Traditionally, maps have been divided into two sorts: topographic maps and thematic maps.
A topographic map visualizes, limited by its scale, the Earth’s surface as accurately as possible. This may include infrastructure (e.g. railways and roads), land use (e.g. vegetation and built-up areas), relief, hydrology, geographic names and a reference grid.
Thematic maps represent the distribution of particular themes. One can distinguish between socio-economic themes and physical themes.
Thematic maps also contain some information found in the topographic maps. The amount of topographic information required depends on the map theme. In general, a physical map will need more topographic data than most socio-economic maps, which normally only need administrative boundaries. The map of drainage areas should have had rivers and canals added, while the inclusion of relief would also have made sense. Today’s digital environment has diminished the distinction between topographic and thematic maps. Often, both topographic and thematic maps are stored in a database as separate data layers. Each layer contains data on a particular topic and the user is able to switch layers on or off at will.
The design of topographic maps is mostly based on conventions, some of which date back several centuries. Take, for example the following colour conventions: water in blue, forests in green, major roads in red, and urban areas in black. The design of thematic maps, however, should be based on a set of cartographic rules, also called cartographic grammar.
Suppose that one wants to quantify land use changes in a certain area between 1990 and the current year. Two data sets (from 1990 and, say, 2008) can be combined with an Overlay Analysis. The result of such a spatial analysis could be a spatial data layer from which a map can be produced to show the differences. The parameters used during the operation are based on models developed by the application at hand. It is easy to imagine that maps can play a role during this process of working with a GIS, by showing intermediate and final results of the GIS operations. Clearly, maps are no longer the only final product, which they used to be.
Maps can further be distinguished according to the dimensions of spatial data that are graphically represented. GIS users also try to solve problems that deal with three-dimensional reality or with change processes. This results in a demand for other than just two-dimensional maps to represent geographic reality. Threedimensional and even four-dimensional (namely, including time) maps are then required. New visualization techniques for these demands have been developed.
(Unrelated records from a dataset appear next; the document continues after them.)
(* Let $K$ be a Markov kernel on a finite set $\mathcal{X}$, reversible with respect to a probability measure $\pi$, and assume that for all $f:\mathcal{X}\to\mathbb{R}$ \[ \mathrm{Ent}_\pi(f^2)\le2\sigma^2\int\sum_{y\in\mathcal{X}}(f(x)-f(y))^2K(x,y)\,d\pi(x). \] Then for every $f:\mathcal{X}\to\mathbb{R}$ and every $p\ge2$, \[ \mathrm{Ent}_\pi(|f|^p)\le\sigma^2p^2\int|f|^{p-2}|\partial f|^2d\pi, \qquad \mathrm{Ent}_\pi(|f|^p)\le\sigma^2p^2\|f\|_p^{p-2}\|\partial f\|_p^2, \] where $|\partial f|(x)=\big(\sum_{y\in\mathcal{X}}(f(x)-f(y))^2K(x,y)\big)^{1/2}$.
   Context: $\mathrm{Ent}_\pi(g)=\mathbb{E}_\pi g\log g-\mathbb{E}_\pi g\log\mathbb{E}_\pi g$ for $g\ge0$; $\|g\|_p=(\mathbb{E}_\pi|g|^p)^{1/p}$ and $\|\partial f\|_p=\||\partial f|\|_p$. *)

From HB Require Import structures.
From mathcomp Require Import all_boot all_order all_algebra.
From mathcomp Require Import all_classical all_reals all_analysis.
Set Implicit Arguments. Unset Strict Implicit. Unset Printing Implicit Defensive.
Import Order.TTheory GRing.Theory Num.Theory.
Local Open Scope ring_scope.

Section Defs.
Variables (R : realType) (T : finType).

Definition is_prob (pi : T -> R) : Prop :=
  (forall x, 0 <= pi x) /\ \sum_(x : T) pi x = 1.

Definition is_markov_kernel (K : T -> T -> R) : Prop :=
  (forall x y, 0 <= K x y) /\ (forall x, \sum_(y : T) K x y = 1).

Definition reversible (pi : T -> R) (K : T -> T -> R) : Prop :=
  forall x y, pi x * K x y = pi y * K y x.

Definition Epi (pi : T -> R) (g : T -> R) : R := \sum_(x : T) pi x * g x.

(* Ent_pi(g) = E g log g - E g log E g  (ln 0 = 0, so 0 log 0 = 0) *)
Definition Ent (pi : T -> R) (g : T -> R) : R :=
  Epi pi (fun x => g x * ln (g x)) - Epi pi g * ln (Epi pi g).

Definition grad2 (K : T -> T -> R) (f : T -> R) (x : T) : R :=
  \sum_(y : T) (f x - f y) ^+ 2 * K x y.

Definition gradabs (K : T -> T -> R) (f : T -> R) (x : T) : R :=
  Num.sqrt (grad2 K f x).

Definition Lpnorm (pi : T -> R) (p : R) (g : T -> R) : R :=
  (Epi pi (fun x => `|g x| `^ p)) `^ (p^-1).

End Defs.

From HB Require Import structures.
From mathcomp Require Import all_boot all_order all_algebra.
From mathcomp Require Import all_classical all_reals all_analysis.
From mathcomp Require Import ring lra.
Import Order.TTheory GRing.Theory Num.Theory.
Set Implicit Arguments. Unset Strict Implicit. Unset Printing Implicit Defensive.
Local Open Scope ring_scope.

(* Apply the log-Sobolev inequality to g = |f|^(p/2), so that g^2 = |f|^p.
   Convexity of t |-> t^(p/2) bounds (g(x) - g(y))^2 by
   (p^2/4) (|f(x)|^(p-2) + |f(y)|^(p-2)) (f(x) - f(y))^2, and reversibility
   makes the two halves of the resulting Dirichlet form equal, which gives
   the first inequality. The second follows from the first by Hölder's
   inequality with exponents p/(p-2) and p/2. *)

Section powR_inequalities.
Variable R : realType.
Implicit Types a b u v p q r s A B : R.

Lemma powR_tangent_le a b q : 0 <= a -> 0 <= b -> 1 <= q ->
  a `^ q - b `^ q <= q * a `^ (q - 1) * (a - b).
Proof.
move=> a0 b0; rewrite le_eqVlt => /predU1P[<-|q_gt1].
  by rewrite subrr powRr0 !powRr1 // !mul1r.
have q0 : 0 < q by apply: lt_trans q_gt1.
have q1_gt0 : 0 < q - 1 by rewrite subr_gt0.
have conj : q^-1 + (q / (q - 1))^-1 = 1.
  by rewrite invf_div; field; rewrite gt_eqF.
have := conjugate_powR b0 (powR_ge0 a (q - 1)) q0 (divr_gt0 q0 q1_gt0) conj.
rewrite -powRrM (_ : (q - 1) * (q / (q - 1)) = q); last by field; rewrite gt_eqF.
rewrite -(mulr_powRB1 a0 q0); set X := a `^ (q - 1) => young.
have {young} : q * (b * X) <= b `^ q + (q - 1) * (a * X).
  have := ler_wpM2l (ltW q0) young.
  rewrite (_ : q * (b `^ q / q + a * X / (q / (q - 1))) = b `^ q + (q - 1) * (a * X)) //.
  by field; rewrite (gt_eqF q0) (gt_eqF q1_gt0).
have -> : q * X * (a - b) = q * (a * X) - q * (b * X) by ring.
lra.
Qed.

Lemma sqr_subr_powR_le a b q : 0 <= a -> 0 <= b -> 1 <= q ->
  (a `^ q - b `^ q) ^+ 2 <=
    q ^+ 2 * (a `^ ((q - 1) * 2) + b `^ ((q - 1) * 2)) * (a - b) ^+ 2.
Proof.
wlog ba : a b / b <= a.
  move=> wlog_ba a0 b0 q1; have [|/ltW ab] := leP b a; first by move/wlog_ba; apply.
  rewrite (addrC (a `^ ((q - 1) * 2))) -sqrrN opprB -(sqrrN (a - b)) opprB.
  exact: wlog_ba.
move=> a0 b0 q1.
have gap_ge0 : 0 <= a `^ q - b `^ q.
  by rewrite subr_ge0 ge0_ler_powR ?nnegrE // (le_trans _ q1).
apply: le_trans (_ : (q * a `^ (q - 1) * (a - b)) ^+ 2 <= _).
  have tangent := powR_tangent_le a0 b0 q1.
  by rewrite lerXn2r ?nnegrE ?tangent ?(le_trans gap_ge0 tangent).
rewrite !exprMn powRrM powR_mulrn ?powR_ge0 //.
by rewrite ler_wpM2r ?sqr_ge0 // ler_wpM2l ?sqr_ge0 // lerDl powR_ge0.
Qed.

Lemma sqr_subr_normr_powR_half_le u v p : 2 <= p ->
  (`|u| `^ (p / 2) - `|v| `^ (p / 2)) ^+ 2 <=
    p ^+ 2 / 4 * (`|u| `^ (p - 2) + `|v| `^ (p - 2)) * (u - v) ^+ 2.
Proof.
move=> p2; have q1 : 1 <= p / 2 by rewrite ler_pdivlMr // mul1r.
apply: le_trans (sqr_subr_powR_le (normr_ge0 u) (normr_ge0 v) q1) _.
rewrite (_ : (p / 2 - 1) * 2 = p - 2); last by field.
rewrite (_ : (p / 2) ^+ 2 = p ^+ 2 / 4); last by field.
rewrite ler_wpM2l ?mulr_ge0 ?addr_ge0 ?powR_ge0 ?sqr_ge0 ?(le_trans _ p2) //.
rewrite -(real_normK (num_real (u - v))) -(real_normK (num_real (`|u| - `|v|))).
by rewrite lerXn2r ?nnegrE // ler_dist_dist.
Qed.

Lemma powR_div_powRV a b r : 0 <= a -> 0 <= b -> 0 < r ->
  (a / b `^ r^-1) `^ r = a `^ r / b.
Proof.
move=> a0 b0 r0; rewrite powRM ?invr_ge0 ?powR_ge0 // -powR_inv1 ?powR_ge0 //.
by rewrite powRAC -(powRrM b) mulVf ?gt_eqF // powRr1 // powR_inv1.
Qed.

Lemma conjugate_powR_scaled a b A B r s : 0 <= a -> 0 <= b -> 0 < A -> 0 < B ->
  0 < r -> 0 < s -> r^-1 + s^-1 = 1 ->
  a * b <= A `^ r^-1 * B `^ s^-1 * (a `^ r / A / r + b `^ s / B / s).
Proof.
move=> a0 b0 A0 B0 r0 s0 rs.
have A'_gt0 : 0 < A `^ r^-1 by apply: powR_gt0.
have B'_gt0 : 0 < B `^ s^-1 by apply: powR_gt0.
have := conjugate_powR (divr_ge0 a0 (ltW A'_gt0)) (divr_ge0 b0 (ltW B'_gt0)) r0 s0 rs.
rewrite !powR_div_powRV ?(ltW A0) ?(ltW B0) //.
rewrite -(ler_pM2l (mulr_gt0 A'_gt0 B'_gt0)).
suff -> : A `^ r^-1 * B `^ s^-1 * (a / A `^ r^-1 * (b / B `^ s^-1)) = a * b by [].
by field; rewrite !gt_eqF.
Qed.

End powR_inequalities.

Section weighted_sums.
Variables (R : realType) (T : finType) (w : T -> R).
Hypothesis w_ge0 : forall x, 0 <= w x.
Implicit Types c p r s : R.

Lemma ler_Epi (g h : T -> R) : (forall x, g x <= h x) -> Epi w g <= Epi w h.
Proof. by move=> gh; apply: ler_sum => x _; rewrite ler_wpM2l. Qed.

Lemma EpiD (g h : T -> R) : Epi w (fun x => g x + h x) = Epi w g + Epi w h.
Proof. by rewrite /Epi -big_split; apply: eq_bigr => x _; rewrite mulrDr. Qed.

Lemma EpiZl c (g : T -> R) : Epi w (fun x => c * g x) = c * Epi w g.
Proof. by rewrite /Epi mulr_sumr; apply: eq_bigr => x _; rewrite mulrCA. Qed.

Lemma EpiZr c (g : T -> R) : Epi w (fun x => g x * c) = Epi w g * c.
Proof. by rewrite /Epi mulr_suml; apply: eq_bigr => x _; rewrite mulrA. Qed.

Lemma Epi_ge0 (g : T -> R) : (forall x, 0 <= g x) -> 0 <= Epi w g.
Proof. by move=> g_ge0; apply: sumr_ge0 => x _; rewrite mulr_ge0. Qed.

Lemma Epi_powR_eq0 (f g : T -> R) r : (forall x, 0 <= f x) -> 0 < r ->
  Epi w (fun x => f x `^ r) = 0 -> Epi w (fun x => f x * g x) = 0.
Proof.
move=> f_ge0 r0 /eqP; rewrite psumr_eq0 => [/allP wf0|x _]; last first.
  by rewrite mulr_ge0 ?powR_ge0.
apply: big1 => x _; have := wf0 x (mem_index_enum x).
by rewrite /= mulf_eq0 => /orP[/eqP->|/eqP/powR_eq0_eq0->]; rewrite ?mul0r ?mulr0.
Qed.

Lemma hoelder_Epi (f g : T -> R) r s :
  (forall x, 0 <= f x) -> (forall x, 0 <= g x) ->
  0 < r -> 0 < s -> r^-1 + s^-1 = 1 ->
  Epi w (fun x => f x * g x) <=
  Epi w (fun x => f x `^ r) `^ r^-1 * Epi w (fun x => g x `^ s) `^ s^-1.
Proof.
move=> f_ge0 g_ge0 r0 s0 rs.
set A := Epi w (fun x => f x `^ r); set B := Epi w (fun x => g x `^ s).
have [A0|A_neq0] := eqVneq A 0.
  by rewrite (Epi_powR_eq0 g f_ge0 r0 A0) mulr_ge0 ?powR_ge0.
have [B0|B_neq0] := eqVneq B 0.
  rewrite (_ : Epi w _ = Epi w (fun x => g x * f x)); last first.
    by congr (Epi _ _); apply/funext => x; rewrite mulrC.
  by rewrite (Epi_powR_eq0 f g_ge0 s0 B0) mulr_ge0 ?powR_ge0.
have A_gt0 : 0 < A by rewrite lt_def A_neq0 Epi_ge0 // => x; apply: powR_ge0.
have B_gt0 : 0 < B by rewrite lt_def B_neq0 Epi_ge0 // => x; apply: powR_ge0.
have young x := conjugate_powR_scaled (f_ge0 x) (g_ge0 x) A_gt0 B_gt0 r0 s0 rs.
apply: le_trans (ler_Epi young) _.
rewrite EpiZl ger_pMr ?mulr_gt0 ?powR_gt0 // EpiD !EpiZr.
by rewrite !mulfV ?gt_eqF // !mul1r rs.
Qed.

Lemma Epi_powR_mul_sqr_le_Lpnorm (f h : T -> R) p : 2 <= p -> (forall x, 0 <= h x) ->
  Epi w (fun x => `|f x| `^ (p - 2) * h x ^+ 2) <=
  Lpnorm w p f `^ (p - 2) * Lpnorm w p h ^+ 2.
Proof.
move=> p2 h_ge0; have p_gt0 : 0 < p by apply: lt_le_trans p2.
have hE : (fun x => (h x ^+ 2) `^ (p / 2)) = (fun x => `|h x| `^ p).
  apply/funext => x; rewrite ger0_norm // -powR_mulrn // -powRrM.
  by congr (_ `^ _); field.
rewrite /Lpnorm -(powR_mulrn 2 (powR_ge0 _ _)).
move: p2; rewrite le_eqVlt => /predU1P[p2|p_gt2].
  rewrite -{}p2 in hE *; rewrite subrr [X in _ <= X * _]powRr0 mul1r.
  rewrite -powRrM mulVf // powRr1; last by apply: Epi_ge0 => x; apply: powR_ge0.
  rewrite -hE; apply: ler_Epi => x; rewrite powRr0 mul1r divff // powRr1 //.
  exact: sqr_ge0.
have p2_gt0 : 0 < p - 2 by rewrite subr_gt0.
have fE : (fun x => (`|f x| `^ (p - 2)) `^ (p / (p - 2))) = (fun x => `|f x| `^ p).
  apply/funext => x; rewrite -powRrM.
  by congr (_ `^ _); field; rewrite gt_eqF.
have conj : (p / (p - 2))^-1 + (p / 2)^-1 = 1.
  by rewrite !invf_div; field; rewrite gt_eqF.
apply: le_trans (hoelder_Epi (f := fun x => `|f x| `^ (p - 2))
  (g := fun x => h x ^+ 2) (fun x => powR_ge0 _ _) (fun x => sqr_ge0 _)
  (divr_gt0 p_gt0 p2_gt0) (divr_gt0 p_gt0 (ltr0Sn _ 1)) conj) _.
rewrite fE hE !invf_div.
move: (Epi w (fun x => `|f x| `^ p)) (Epi w (fun x => `|h x| `^ p)) => A B.
by rewrite -!powRrM [(p - 2) / p]mulrC [2 / p]mulrC.
Qed.

End weighted_sums.

Section reversible_dirichlet_form.
Variables (R : realType) (T : finType) (pi : T -> R) (K : T -> T -> R).
Hypotheses (pi_ge0 : forall x, 0 <= pi x) (K_ge0 : forall x y, 0 <= K x y).
Hypothesis piK_rev : reversible pi K.

Lemma grad2_ge0 (f : T -> R) x : 0 <= grad2 K f x.
Proof. by apply: sumr_ge0 => y _; rewrite mulr_ge0 ?sqr_ge0. Qed.

Lemma gradabs_ge0 (f : T -> R) x : 0 <= gradabs K f x.
Proof. exact: sqrtr_ge0. Qed.

Lemma sqr_gradabs (f : T -> R) x : gradabs K f x ^+ 2 = grad2 K f x.
Proof. exact/sqr_sqrtr/grad2_ge0. Qed.

Lemma Epi_mul_grad2 (A f : T -> R) :
  Epi pi (fun x => A x * grad2 K f x) =
  \sum_x \sum_y pi x * K x y * (A x * (f x - f y) ^+ 2).
Proof.
apply: eq_bigr => x _; rewrite /grad2 !mulr_sumr.
by apply: eq_bigr => y _; ring.
Qed.

Lemma reversible_sum_swap (A f : T -> R) :
  \sum_x \sum_y pi x * K x y * (A y * (f x - f y) ^+ 2) =
  \sum_x \sum_y pi x * K x y * (A x * (f x - f y) ^+ 2).
Proof.
rewrite exchange_big /=; apply: eq_bigr => x _; apply: eq_bigr => y _.
by rewrite -piK_rev -sqrrN opprB.
Qed.

Lemma Epi_grad2_normr_powR_half_le (f : T -> R) (p : R) : 2 <= p ->
  Epi pi (grad2 K (fun x => `|f x| `^ (p / 2))) <=
  p ^+ 2 / 2 * Epi pi (fun x => `|f x| `^ (p - 2) * grad2 K f x).
Proof.
move=> p2; set A := fun x => `|f x| `^ (p - 2).
apply: le_trans (_ : _ <= p ^+ 2 / 4 *
  \sum_x \sum_y pi x * K x y * ((A x + A y) * (f x - f y) ^+ 2)) _.
  rewrite mulr_sumr; apply: ler_sum => x _; rewrite /grad2 !mulr_sumr.
  apply: ler_sum => y _.
  rewrite [leLHS](_ : _ = pi x * K x y * (`|f x| `^ (p / 2) - `|f y| `^ (p / 2)) ^+ 2);
    last by ring.
  rewrite [leRHS](_ : _ = pi x * K x y * (p ^+ 2 / 4 * (A x + A y) * (f x - f y) ^+ 2));
    last by ring.
  by rewrite ler_wpM2l ?mulr_ge0 // sqr_subr_normr_powR_half_le.
under eq_bigr do under eq_bigr do rewrite mulrDl mulrDr.
rewrite Epi_mul_grad2.
under eq_bigr do rewrite big_split /=.
rewrite big_split /= reversible_sum_swap -mulr2n -[X in _ * X]mulr_natl mulrA.
by rewrite (_ : p ^+ 2 / 4 * 2 = p ^+ 2 / 2) //; field.
Qed.

End reversible_dirichlet_form.

Theorem lemma3p2 (R : realType) (T : finType) (pi : T -> R) (K : T -> T -> R)
  (sigma : R) :
  is_prob pi -> is_markov_kernel K -> reversible pi K ->
  (forall f : T -> R,
     Ent pi (fun x => f x ^+ 2) <=
     2 * sigma ^+ 2 * Epi pi (grad2 K f)) ->
  forall (f : T -> R) (p : R), 2 <= p ->
    Ent pi (fun x => `|f x| `^ p) <=
      sigma ^+ 2 * p ^+ 2 *
      Epi pi (fun x => `|f x| `^ (p - 2) * gradabs K f x ^+ 2)
    /\
    Ent pi (fun x => `|f x| `^ p) <=
      sigma ^+ 2 * p ^+ 2 * Lpnorm pi p f `^ (p - 2) *
      Lpnorm pi p (gradabs K f) ^+ 2.
Proof.
move=> [pi_ge0 _] [K_ge0 _] piK_rev lsi f p p2.
have Ent_le : Ent pi (fun x => `|f x| `^ p) <=
    sigma ^+ 2 * p ^+ 2 * Epi pi (fun x => `|f x| `^ (p - 2) * gradabs K f x ^+ 2).
  have -> : (fun x => `|f x| `^ p) = (fun x => (`|f x| `^ (p / 2)) ^+ 2).
    apply/funext => x; rewrite -powR_mulrn ?powR_ge0 // -powRrM.
    by congr (_ `^ _); field.
  apply: le_trans (lsi _) _.
  have sigma2_ge0 : 0 <= 2 * sigma ^+ 2 by rewrite mulr_ge0 ?sqr_ge0.
  apply: le_trans (ler_wpM2l sigma2_ge0
    (Epi_grad2_normr_powR_half_le pi_ge0 K_ge0 piK_rev f p2)) _.
  under [X in _ <= _ * X]eq_bigr do rewrite sqr_gradabs //.
  by rewrite mulrA (_ : 2 * sigma ^+ 2 * (p ^+ 2 / 2) = sigma ^+ 2 * p ^+ 2) //; field.
split=> //; apply: le_trans Ent_le _.
have Lp_le := Epi_powR_mul_sqr_le_Lpnorm pi_ge0 f p2 (gradabs_ge0 K f).
by rewrite -[leRHS]mulrA ler_wpM2l // mulr_ge0 // sqr_ge0.
Qed.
Figure 1 shows a small-scale topographic map (with text omitted) of Overijssel, the Dutch province in which Enschede is located.
Thematic maps can have socio-economic themes and physical themes. The map in Figure 2a, showing population density in Overijssel, is an example of the first and the map in Figure 2b, displaying the province’s drainage areas, is an example of the second.
As can be observed, both thematic maps also contain some information found in the topographic map (Figure 1), so as to provide a geographic reference to the theme represented.
Figure 3 shows the dimensionality of geographic objects and their graphic representation. Part (a) shows a map of the ITC building and its surroundings, while part (b) provides a three-dimensional view of the building. Figure 3c shows the effect of change, at three moments in time during the construction of the building.